Jill Kelly was a thirty-eight-year-old single woman, an assistant professor at Xavier University. Her fiancé had found her inside her apartment at seven p.m., exactly two weeks after the murder of Theresa Chambers. The apartment was two blocks away from the location of the first killing. Like Theresa, Jill had a petite build and shoulder-length auburn hair. The scene had almost been a carbon copy, right down to the folded clothes and missing ring finger-with her engagement ring on it. This time, however, the medical examiner found evidence of sexual assault but no semen. The assailant had worn a condom. Will had found the knife on the first sweep, buried in the cat box. Like the weapon that had been used on Theresa, it was a folding combat knife.
Mount Adams is a sky island of a neighborhood perched over downtown and the Ohio River, on the leafy edge of Eden Park. Sit in one of the bars and restaurants with a view, and you’re eye level with the top of the imposing cluster of skyscrapers. On clear summer nights it’s as if you can reach across and touch their necklaces of light. Mount Adams had long since been reclaimed by gentrification and its narrow streets were home to galleries, restaurants, townhouses, and expensive homes, mostly in closely-spaced, restored nineteenth-century buildings. Although it sat in the midst of the city, its height and affluence seemed to offer an illusion of safety. Trouble was down the hill-not there. When the media learned of the Jill Kelly homicide coming just fourteen days after the killing of Theresa Chambers, they thought: serial killer in paradise. They called him “the Mount Adams Slasher.” That was fine with Dodds and Will, who also adopted the term. The most horrific, distinctive fact of the two crimes had been concealed from the media: the amputation of the ring fingers. Between themselves, the cops called the killer something altogether different.

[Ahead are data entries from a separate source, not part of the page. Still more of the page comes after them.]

Lemma frob2_apply_act_sub_le a m k (M1 M2 : 'M[R]_(m, k)) :
  frob2 (apply_act a M1 - apply_act a M2) <= frob2 (M1 - M2).
Proof.
rewrite /frob2; apply: ler_sum => i _; case: a => /=.
  under eq_bigr do rewrite !mxE; under [X in _ <= X]eq_bigr do rewrite !mxE.
  exact: (softmax_sub_sqr_le (fun j => M1 i j) (fun j => M2 i j)).
by apply: ler_sum => j _; rewrite !mxE; exact: sigmoid_sub_sqr_le.
Qed.

Lemma frob2_one_hop_sub_le n d (A : 'M[R]_n) (W : 'M[R]_d) (B : 'M[R]_(n, d)) a
    (Z1 Z2 : 'M[R]_(n, d)) : is_adjacency A ->
  frob2 (apply_act a (norm_adj A *m Z1 *m W + B) - apply_act a (norm_adj A *m Z2 *m W + B))
    <= frob2 W * frob2 (Z1 - Z2).
Proof.
move=> adjA; apply: le_trans (frob2_apply_act_sub_le _ _ _) _.
rewrite opprD addrACA subrr addr0 -mulmxBl -mulmxBr.
apply: le_trans (frob2_mulmx_le _ _) _.
by rewrite mulrC ler_wpM2l ?frob2_ge0 ?frob2_norm_adj_mul_le.
Qed.

Section frob2_lipschitz.
Variables (m k : nat) (F : 'M[R]_(m, k) -> 'M[R]_(m, k)) (c : R).
Hypothesis c_ge0 : 0 <= c.
Hypothesis F_lipschitz : forall x y, frob2 (F x - F y) <= c * frob2 (x - y).

Lemma frob2_iter_sub_le t x y : frob2 (iter t F x - iter t F y) <= c ^+ t * frob2 (x - y).
Proof.
elim: t => [|t IH]; first by rewrite expr0 mul1r.
rewrite !iterS exprS -mulrA; apply: le_trans (F_lipschitz _ _) _.
exact: ler_wpM2l.
Qed.

Lemma mx_norm_iter_sub_le t x y :
  `|iter t F x - iter t F y| <= Num.sqrt (m * k)%:R * Num.sqrt c ^+ t * `|x - y|.
Proof.
rewrite -ler_sqr ?nnegrE ?mulr_ge0 ?exprn_ge0 ?sqrtr_ge0 //.
rewrite !exprMn sqr_sqrtr ?ler0n // exprAC sqr_sqrtr //.
apply: le_trans (sqr_mx_norm_le_frob2 _) _; apply: le_trans (frob2_iter_sub_le t x y) _.
by rewrite [_ * c ^+ t]mulrC -mulrA ler_wpM2l ?exprn_ge0 ?frob2_le_sqr_mx_norm.
Qed.

End frob2_lipschitz.
End frobenius.

Theorem theorem1 (R : realType) (n d p q : nat)
  (hn : (0 < n)%N) (hd : (0 < d)%N) (hp : (0 < p)%N) (hq : (0 < q)%N)
  (A : 'M[R]_n) (hA : is_adjacency A)
  (P : 'M[R]_n) (X : 'M[R]_(n, p)) (Wx : 'M[R]_(p, d)) (Wz : 'M[R]_d)
  (hWz : frob2 Wz < 1 / n%:R) (sigma : activation) :
  well_posed (fun Z : 'M[R]_(n, d) =>
    apply_act sigma (norm_adj A *m Z *m Wz + P *m X *m Wx)).
Proof.
have Wz_lt1 : frob2 Wz < 1.
  by apply: lt_le_trans hWz _; rewrite ler_pdivrMr ?ltr0n // mul1r ler1n.
apply: (@eventually_contractive_well_posed _ _ _ (Num.sqrt (n * d)%:R) (Num.sqrt (frob2 Wz))).
- exact: sqrtr_ge0.
- by rewrite -sqrtr1 ltr_sqrt.
- apply: mx_norm_iter_sub_le; first exact: frob2_ge0.
  by move=> Z1 Z2; exact: frob2_one_hop_sub_le.
Qed.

They called him the Ring Bearer.
And two weeks later, he struck again, four blocks away, when Lisa Schultz had come home late from work to a house that was supposed to be empty. Her husband had been on a business trip to London. Instead, the Slasher had been waiting for her. His method was identical to the Kelly murder. And then the city had gone into near panic. Police patrols had been increased yet again. Two nights later, a unit responding to a prowler call had chased a black male from beside a house on St. Gregory Street. He had run through Longworth’s, out the kitchen and gotten away, but one of the patrolmen knew the suspect. He was a small-time burglar and sometime Peeping Tom named Craig Factor.